Records from a dataset:
Lemma increasing_density_alg_site q v : incr q -> incr (step q (site_kernel alg_site_law v)).
Proof.
move=> qi; case: (qi) => q0 qpi qr; split=> [z|z pz|x y xy]; rewrite !step_alg_site.
- case: ifP => _; first exact: q0.
  by rewrite mulr_ge0 ?divr_ge0 ?addr_ge0 ?pi_ge0 ?q0.
- by case: ifP => _; [exact: qpi | rewrite pz mul0r mulr0].
have := forallP xy v.
case: (eqVneq (y v) sstar) => yv; case: (eqVneq (x v) sstar) => xv /= xvyv.
- exact: qr.
- set Sx := _ + pi (upd x v s1).
  have [S0|S0] := eqVneq Sx 0.
    by rewrite S0 invr0 !mulr0 mul0r mulr_ge0 ?pi_ge0.
  have -> : q y * pi x = q y * Sx * (pi x / Sx) by field.
  by rewrite mulrAC ler_wpM2r ?divr_ge0 ?addr_ge0 ?pi_ge0 ?resampled_le_star.
- by move: xvyv; rewrite xv; case: (spin3P (y v)) yv => ->.
have [px|px] := eqVneq (pi x) 0; first by rewrite px !(mul0r, mulr0).
have [py|py] := eqVneq (pi y) 0; first by rewrite py !(mul0r, mulr0).
have px_gt0 : 0 < pi x by rewrite lt0r px pi_ge0.
have py_gt0 : 0 < pi y by rewrite lt0r py pi_ge0.
have Sx_gt0 := lt_le_trans px_gt0 (pi_le_resampled xv).
have Sy_gt0 := lt_le_trans py_gt0 (pi_le_resampled yv).
have key := resampled_le v qi xy px_gt0 py_gt0.
set Sx := _ + pi (upd x v s1) in Sx_gt0 key *; set Sy := _ + pi (upd y v s1) in Sy_gt0 key *.
set A := q _ + q (upd x v s1) in key *; set B := q _ + q (upd y v s1) in key *.
have -> : A * (pi x / Sx) * pi y = A * Sy * (pi x * pi y / (Sx * Sy)).
  by field; rewrite !gt_eqF.
have -> : B * (pi y / Sy) * pi x = B * Sx * (pi x * pi y / (Sx * Sy)).
  by field; rewrite !gt_eqF.
by rewrite ler_wpM2r // divr_ge0 ?mulr_ge0 ?ltW.
Qed.

Lemma increasing_density_alg_step q : incr q -> incr (step q (K_alg th mu)).
Proof.
move=> qi; apply: (eq_increasing_density (q := fun z => \sum_v #|V|%:R^-1 *
  step q (site_kernel alg_site_law v) z)); first by move=> z; rewrite [RHS]step_avg.
apply: increasing_density_mix => v; first by rewrite invr_ge0 ler0n.
exact: increasing_density_alg_site.
Qed.

Definition contr_marginal (q : conf3 -> R) s := \sum_y (contr y == s)%:R * q y.

Lemma step_contr_lift q z : step q (K_contr_lift th) z = lift_law th (contr_marginal q) z.
Proof.
rewrite ffunE /lift_law /contr_marginal mulr_sumr; apply: eq_bigr => y _.
rewrite /K_contr_lift; have [->|ne] := eqVneq (contr y) (contr z).
  by rewrite mul1r mulrC.
by rewrite liftP_eq0 // !(mul0r, mulr0).
Qed.
(* $\mathrm{Win}_\mathcal{A} \equiv_W \mathrm{LPO}$.
   Context: Weihrauch reducibility: for partial multivalued maps $f,g$ between represented spaces (spaces $(X,\delta_X)$ with $\delta_X:\subseteq\mathbb{N}^\mathbb{N}\to X$ a partial surjection), $f\leq_W g$ iff there are computable partial $K,H:\subseteq\mathbb{N}^\mathbb{N}\to\mathbb{N}^\mathbb{N}$ such that for every realizer $G$ of $g$, $p\mapsto K(\langle p,G(H(p))\rangle)$ realizes $f$ (a realizer $F$ of $f:X\rightrightarrows Y$ satisfies $\delta_Y(F(p))\in f(\delta_X(p))$ for $\delta_X(p)\in\mathrm{dom}(f)$); $\equiv_W$ is the induced equivalence. $\mathrm{LPO}:\{0,1\}^\mathbb{N}\to\{0,1\}$ maps $p$ to $1$ iff $p=0^\mathbb{N}$. $\mathcal{A}$ denotes the closed subsets of $\{0,1\}^\mathbb{N}$, a closed set being named by an enumeration of words $w$ with $\bigcup w\{0,1\}^\mathbb{N}$ equal to its complement. Games: a win/lose game has two players 1 and 2, choices $\{0,1\}$, a turn function $d:\{0,1\}^*\to\{1,2\}$ (given as lookup table) and a winning set for player 1 (player 2 wins on the complement); a strategy of a player is a function from the histories $d^{-1}(i)$ to $\{0,1\}$, and it is winning if every play consistent with it is won by that player. $\mathrm{Win}_\Gamma$ takes a win/lose game whose winning set for player 1 is given by a $\Gamma$-name and outputs which player has a winning strategy. *)

From Stdlib Require Import Arith List Lia Classical FunctionalExtensionality
  PropExtensionality ProofIrrelevance.
Import ListNotations.
Set Implicit Arguments.

Definition baire := nat -> nat.

Definition bpair (p q : baire) : baire :=
  fun n => if Nat.even n then p (Nat.div2 n) else q (Nat.div2 n).
Definition bfst (p : baire) : baire := fun n => p (2 * n).
Definition bsnd (p : baire) : baire := fun n => p (2 * n + 1).

Inductive rec : Type :=
| RZero | RSucc | RProj (i : nat)
| RComp (f : rec) (gs : list rec)
| RPrec (f g : rec)
| RMu (f : rec).

Inductive reval : rec -> list nat -> nat -> Prop :=
| ev_zero args : reval RZero args 0
| ev_succ args : reval RSucc args (S (hd 0 args))
| ev_proj i args : reval (RProj i) args (nth i args 0)
| ev_comp f gs args vs v :
    revals gs args vs -> reval f vs v -> reval (RComp f gs) args v
| ev_prec0 f g args v : reval f args v -> reval (RPrec f g) (0 :: args) v
| ev_precS f g n args r v :
    reval (RPrec f g) (n :: args) r -> reval g (n :: r :: args) v ->
    reval (RPrec f g) (S n :: args) v
| ev_mu f args v :
    reval f (v :: args) 0 ->
    (forall m, m < v -> exists r, reval f (m :: args) (S r)) ->
    reval (RMu f) args v
with revals : list rec -> list nat -> list nat -> Prop :=
| evs_nil args : revals nil args nil
| evs_cons g gs args v vs :
    reval g args v -> revals gs args vs -> revals (g :: gs) args (v :: vs).

Definition rec_computable2 (h : nat -> nat -> nat) : Prop :=
  exists c : rec, forall a b, reval c [a; b] (h a b).

Definition cpair (x y : nat) : nat := (x + y) * (x + y + 1) / 2 + y.
Fixpoint lcode (l : list nat) : nat :=
  match l with nil => 0 | a :: l' => S (cpair a (lcode l')) end.

Definition bprefix (p : baire) (k : nat) : list nat := map p (seq 0 k).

TASK OBJECTIVE: Search the entries above for the word "xvyv", and copy every line where it occurs.

TASK ANSWER:
case: (eqVneq (y v) sstar) => yv; case: (eqVneq (x v) sstar) => xv /= xvyv.
- by move: xvyv; rewrite xv; case: (spin3P (y v)) yv => ->.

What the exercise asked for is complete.